- Location in Satu Mare County
- Orașu Nou Location in Romania
- Coordinates: 47°49′58″N 23°17′18″E﻿ / ﻿47.8328°N 23.2883°E
- Country: Romania
- County: Satu Mare

Government
- • Mayor (2020–2024): Gavril Mailát (UDMR)
- Area: 59.81 km^{2} (23.09 sq mi)
- Elevation: 157 m (515 ft)
- Population (2021-12-01): 3,389
- • Density: 57/km^{2} (150/sq mi)
- Time zone: EET/EEST (UTC+2/+3)
- Postal code: 447220
- Area code: +40 x59
- Vehicle reg.: SM
- Website: www.orasunou.ro

= Orașu Nou =

Orașu Nou (Avasújváros; Hungarian pronunciation: ) is a commune of 7,100 inhabitants situated in Satu Mare County, Romania.

It is composed of five villages:

| In Romanian | In Hungarian |
|---|---|
| Orașu Nou | Avasújváros |
| Orașu Nou-Vii | Nagyhegy |
| Prilog | Rózsapallag |
| Prilog-Vii | Rózsapallaghegy |
| Remetea Oașului | Kőszegremete |

The villages of Racșa and Racșa-Vii were part of Orașu Nou from 1925 to 1949 and from 1956 to 2010, when they were split off to form Racșa Commune.

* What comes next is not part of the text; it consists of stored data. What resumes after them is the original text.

Lemma Phi_dprec z1 z2 :
  Phi r (dprec succ prec r z1 z2) = prodop prec (Phi r z1) (Phi r z2).
Proof. by rewrite /Phi /prodop Tmap_dprec Tmap_tr_dprec. Qed.

Lemma Phi_inj : injective (Phi r).
Proof.
move=> z1 z2 [eq1 /oppr_inj eq2].
by rewrite -(Tmap_sK z1) -(Tmap_sK z2) /Tmap !mulmxDr -!/(Tmap _ _) eq1 eq2.
Qed.

Lemma Phi_decomposition x :
  exists! p, (exists zeta, p = Phi r zeta) /\ x = p.1 - p.2.
Proof.
have PhiE zeta : (Phi r zeta).1 - (Phi r zeta).2 = Tmap s zeta.
  by rewrite /Phi /Tmap /= opprK -mulmxDr.
exists (Phi r (g x)); split=> [|_ [[zeta ->] ->]]; first by split; [exists (g x) | rewrite PhiE].
by rewrite PhiE Tmap_sK.
Qed.
End Factorizable.

Lemma Phi_linear (K : fieldType) (n : nat) (r : 'M[K]_n) a z1 z2 :
  Phi r (a *: z1 + z2) = (a *: (Phi r z1).1 + (Phi r z2).1, a *: (Phi r z1).2 + (Phi r z2).2).
Proof. by rewrite /Phi /Tmap /= !mulmxDl -!scalemxAl opprD scalerN. Qed.

Definition bilinear_of_op (K : fieldType) (n : nat) (op : 'rV[K]_n -> 'rV[K]_n -> 'rV[K]_n)
  (op_bil : bilinear_op op) : {bilinear 'rV[K]_n -> 'rV[K]_n -> 'rV[K]_n} :=
  HB.pack op (bilinear_isBilinear.Build _ _ _ _ _ _ op (op_bil.2, op_bil.1)).

Unset Implicit Arguments. Set Strict Implicit.

Theorem mainTheorem10 (K : fieldType) (n : nat)
  (succ prec : 'rV[K]_n -> 'rV[K]_n -> 'rV[K]_n) (r : 'M[K]_n) :
  is_LD succ prec ->
  (forall i j k, S_tensor succ prec r i j k = 0) ->
  is_invariant succ prec (r + r^T) ->
  bijective (Tmap (r + r^T)) ->
  (* Im(Phi) is a Leibniz-dendriform subalgebra of A (+) A *)
  ((exists z, Phi r z = (0, 0)) /\
   (forall (a : K) zeta eta, exists th,
      Phi r th = (a *: (Phi r zeta).1 + (Phi r eta).1,
                  a *: (Phi r zeta).2 + (Phi r eta).2)) /\
   (forall zeta eta, exists th,
      prodop succ (Phi r zeta) (Phi r eta) = Phi r th) /\
   (forall zeta eta, exists th,
      prodop prec (Phi r zeta) (Phi r eta) = Phi r th)) /\
  (* Phi is an isomorphism (A^*, succ_r, prec_r) -> Im(Phi) *)
  ((forall (a : K) zeta eta,
      Phi r (a *: zeta + eta) = (a *: (Phi r zeta).1 + (Phi r eta).1,
                                 a *: (Phi r zeta).2 + (Phi r eta).2)) /\
   injective (Phi r) /\
   (forall zeta eta,
      Phi r (dsucc succ prec r zeta eta) = prodop succ (Phi r zeta) (Phi r eta)) /\
   (forall zeta eta,
      Phi r (dprec succ prec r zeta eta) = prodop prec (Phi r zeta) (Phi r eta))) /\
  (* unique decomposition x = x1 - x2 with (x1, x2) in Im(Phi) *)
  (forall x : 'rV[K]_n, exists! p : 'rV[K]_n * 'rV[K]_n,
      (exists zeta, p = Phi r zeta) /\ x = p.1 - p.2).
Proof.
move=> [succ_bil [prec_bil _]] S_r0 s_inv [g Tmap_sK Tmap_sKV].
pose succB := bilinear_of_op succ_bil; pose precB := bilinear_of_op prec_bil.
have Phi_succ := Phi_dsucc (succ := succB) (prec := precB) S_r0 s_inv Tmap_sK Tmap_sKV.
have Phi_prec := Phi_dprec (succ := succB) (prec := precB) S_r0 s_inv Tmap_sK Tmap_sKV.
split; [split; [|split; [|split]] | split; [split; [|split; [|split]] | ]].
- by exists 0; rewrite /Phi /Tmap !mul0mx oppr0.
- by move=> a z1 z2; exists (a *: z1 + z2); rewrite Phi_linear.
- by move=> z1 z2; exists (dsucc succ prec r z1 z2); rewrite Phi_succ.
- by move=> z1 z2; exists (dprec succ prec r z1 z2); rewrite Phi_prec.
- exact: Phi_linear.
- exact: Phi_inj Tmap_sK.
- exact: Phi_succ.
- exact: Phi_prec.
- exact: Phi_decomposition Tmap_sK Tmap_sKV.
Qed.
(* Let $\widetilde{\Sigma}=\widetilde{\Sigma}_1\uplus\cdots\uplus\widetilde{\Sigma}_n$ with pairwise disjoint visibly pushdown alphabets $\widetilde{\Sigma}_i$. For any visibly pushdown contextual order $\prec$ on $\widetilde{\Sigma}$, there exists a coherent visibly pushdown contextual order $\prec'$ on $\widetilde{\Sigma}$ such that $\mathrm{red}_\prec(P_1\bowtie\cdots\bowtie P_n)=\mathrm{red}_{\prec'}(P_1\parallel\cdots\parallel P_n)$ for any well-matched languages $P_1\subseteq\widetilde{\Sigma}_1^*,\ldots,P_n\subseteq\widetilde{\Sigma}_n^*$.
   Context: A visibly pushdown (VP) alphabet is a finite alphabet partitioned into calls, returns and internals; write $\Sigma^{\mathsf{call}}_i,\Sigma^{\mathsf{ret}}_i$ for the calls and returns of $\widetilde{\Sigma}_i$; $\widetilde{\Sigma}$ has as calls/returns/internals the unions. Calls and returns in a word are matched like opening and closing parentheses (internals ignored); unmatched ones are pending; a word is well-matched if none are pending. A visibly pushdown automaton (VPA) is a pushdown automaton with bottom symbol $\bot$ that pushes one non-$\bot$ symbol on each call, pops the top on each return (reading $\bot$ on empty stack without removing it), and leaves the stack unchanged on internals; it is deterministic if it has one initial state and at most one transition per configuration and letter, and complete if it has at least one. Shuffle: $P_1\parallel\cdots\parallel P_n=\{w\in\widetilde{\Sigma}^*:\Pi_{\widetilde{\Sigma}_i}(w)\in P_i\ \forall i\}$, $\Pi_{\widetilde{\Sigma}_i}$ erasing letters outside $\widetilde{\Sigma}_i$. A word is well-nested if every matched call–return pair consists of letters from the same $\widetilde{\Sigma}_k$; the well-nested shuffle $P_1\bowtie\cdots\bowtie P_n$ is the set of well-nested words of $P_1\parallel\cdots\parallel P_n$. $\mathbb{I}=\{(a,b):a\in\widetilde{\Sigma}_i,b\in\widetilde{\Sigma}_j,i\ne j\}$, $\equiv_{\mathbb{I}}$ the least reflexive transitive relation with $uabv\equiv_{\mathbb{I}}ubav$ for $(a,b)\in\mathbb{I}$. A contextual order is a map $\prec$ from $\widetilde{\Sigma}^*$ to strict total orders on $\widetilde{\Sigma}$; it induces $\preceq$: $\sigma\preceq\rho$ iff $\sigma$ is a prefix of $\rho$ or $\sigma=\alpha a\beta$, $\rho=\alpha b\gamma$ with $a\prec_\alpha b$. $\mathrm{red}_\prec(L)=\{w\in L:\forall u\in L,(u\equiv_{\mathbb{I}}w\wedge u\preceq w)\Rightarrow u=w\}$. $\prec$ is visibly pushdown if there is a complete deterministic VPA $A$ over $\widetilde{\Sigma}$ and a map $\mathsf{ord}$ from its states to strict total orders on $\widetilde{\Sigma}$ with $\prec_w=\mathsf{ord}(q)$, $q$ the state reached by $A$ after reading $w$. $\prec$ is coherent if for every $u\in\widetilde{\Sigma}^*$ and every $i$: if $u$ has pending calls and the last one is in $\Sigma^{\mathsf{call}}_i$, then $a\prec_u r$ for all $a\in\widetilde{\Sigma}_i$ and $r\in\bigcup_{j\ne i}\Sigma^{\mathsf{ret}}_j$. *)

From mathcomp Require Import all_boot.
Set Implicit Arguments. Unset Strict Implicit. Unset Printing Implicit Defensive.
(* h in H^1(p,w) with (a.e.) derivative g: h in L^2(p), h locally absolutely
   continuous with h' = g, i.e. g in L^1_loc and h y - h x = int_x^y g, and
   h' = g in L^2(p w). *)
Definition H1 (a b : \bar R) (p w h g : R -> R) : Prop :=
  [/\ L2p a b p h,
      loc_integrable a b g,
      (forall x y : R, oitv a b x -> oitv a b y -> x <= y ->
         h y - h x = \int[mu]_(t in `[x, y]) g t) &
      (\int[mu]_(x in oitv a b) ((g x) ^+ 2 * (p x * w x))%:E < +oo)%E].

Definition Dirichlet (a b : \bar R) (p w g : R -> R) : \bar R :=
  \int[mu]_(x in oitv a b) (`|g x| ^+ 2 * w x * p x)%:E.

Definition Cpw (a b : \bar R) (p w : R -> R) : \bar R :=
  ereal_inf [set C : \bar R | (0 <= C)%E /\
    forall h g, H1 a b p w h g -> (Varp a b p h <= C * Dirichlet a b p w g)%E].

Definition Ttilde (a b : \bar R) (p h : R -> R) (x : R) : R :=
  (p x)^-1 * fine (\int[mu]_(t in oitv a x%:E) ((h t - Ep a b p h) * p t)%:E).

Definition L1norm (a b : \bar R) (p f : R -> R) : \bar R :=
  \int[mu]_(x in oitv a b) (`|f x| * p x)%:E.

End Defs.

From mathcomp Require Import all_boot all_order all_algebra.
From mathcomp Require Import all_classical all_reals all_analysis.
From mathcomp Require Import measurable_realfun.
From mathcomp.algebra_tactics Require Import lra.
Import Order.TTheory GRing.Theory Num.Theory.
Local Open Scope classical_set_scope.
Local Open Scope ring_scope.

(* Let m be the mean and F x := \int_a^x (t - m) p t dt, so that tau = - F / p.
   Since \int_a^b (t - m) p = 0, F <= 0 on ]a, b[ and |tau| p = - F.  Writing
   - F x = \int K(x, t) dt with K(x, t) = |t - m| p t whenever x lies between t
   and m, Tonelli's theorem turns \int - F into \int (t - m)^2 p t dt = Var X,
   because for fixed t the admissible x fill an interval of length |t - m|.
   For the inequality, test the Poincare inequality with constant C(p, w) = 1 on
   h = id, h' = 1: Var X <= E_p[w] = ||w||_{L^1(p)}. *)

Local Notation mu := (@lebesgue_measure _).

Lemma in_set_bool {T} (P : T -> bool) x : (x \in [set y | P y]) = P x.
Proof. by apply/idP/idP => [/set_mem|/mem_set]. Qed.

Lemma measurable_fun_mem {d} {T : measurableType d} (D : set T) :
  measurable D -> measurable_fun setT (fun x => x \in D).
Proof.
move=> mD; apply: (measurable_fun_bool true); rewrite setTI.
rewrite (_ : _ @^-1` _ = D) //.
by apply/seteqP; split => x /=; [move/set_mem|move/mem_set].
Qed.

Section lebesgue_facts.
Context {R : realType}.

Lemma measurable_oitv (a b : \bar R) :
  measurable (oitv a b : set (measurableTypeR R)).
Proof.
have := EFin_measurable measurableT (emeasurable_itv `]a, b[).
by rewrite setTI; congr measurable; apply/seteqP; split => x /=;
  rewrite in_itv /= => /andP.
Qed.

Lemma lebesgue_measure_sandwich (u v : R) (S : set (measurableTypeR R)) :
  u <= v -> measurable S -> `]u, v[ `<=` S -> S `<=` `[u, v] ->
  mu S = (v - u)%:E.
Proof.
move=> uv mS oS Sc.
have lenE b1 b2 : mu [set` Interval (BSide b1 u) (BSide b2 v)] = (v - u)%:E.
  rewrite (lebesgue_measure_itv (Interval (BSide b1 u) (BSide b2 v))) /= lte_fin.
  by case: ltgtP uv => [uv _|//|-> _]; rewrite ?subrr ?EFinB.
apply/eqP; rewrite eq_le; apply/andP; split.
- by rewrite -(lenE true false) le_measure ?inE.
- by rewrite -(lenE false true) le_measure ?inE.
Qed.

Lemma lebesgue_measure_itv_cc_lty (u v : R) :
  (mu (`[u, v] : set (measurableTypeR R)) < +oo)%E.
Proof. by rewrite lebesgue_measure_itv; case: ifP => _; rewrite ?ltry. Qed.

Lemma measurable_inv : measurable_fun [set: R] (fun x : R => x^-1).
Proof.
have -> : [set: R] = [set~ 0] `|` [set 0] by rewrite setUC setUv.
apply/measurable_funU => //; first exact: measurableC.
split; last exact: measurable_fun_set1.
apply: open_continuous_measurable_fun.
  by rewrite openC; apply: accessible_closed_set1; exact: hausdorff_accessible.
by move=> x /set_mem /= x0; apply: inv_continuous; apply/eqP.
Qed.

Lemma le_mul_ereal_inf (S : set (\bar R)) (x : \bar R) (l : R) :
  0 <= l -> S !=set0 -> (forall C, S C -> (x <= C * l%:E)%E) ->
  (x <= ereal_inf S * l%:E)%E.
Proof.
rewrite le_eqVlt => /predU1P[<- [C SC] xS|l_gt0 _ xS].
  by rewrite mule0; have := xS C SC; rewrite mule0.
rewrite -lee_pdivrMr //; apply: le_ereal_inf_tmp => C SC.
by rewrite lee_pdivrMr // xS.
Qed.

End lebesgue_facts.

Section poincare_constant.
Context {R : realType} (a b : \bar R) (p w : R -> R).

Orașu Nou is located in the northeastern part of the county, in the Oaș Country ethnographic region, on the border with Maramureș County. The commune is traversed by national road DN19, which connects it to the county seat, Satu Mare, 37 km to the west.

==Demographics==
Ethnic groups (2002 census):
- Romanians: 63.37%
- Hungarians: 34.53%
- Roma: 4.78%

According to mother tongue, 63.40% of the population speak Romanian, while 36.43% speak Hungarian as their first language.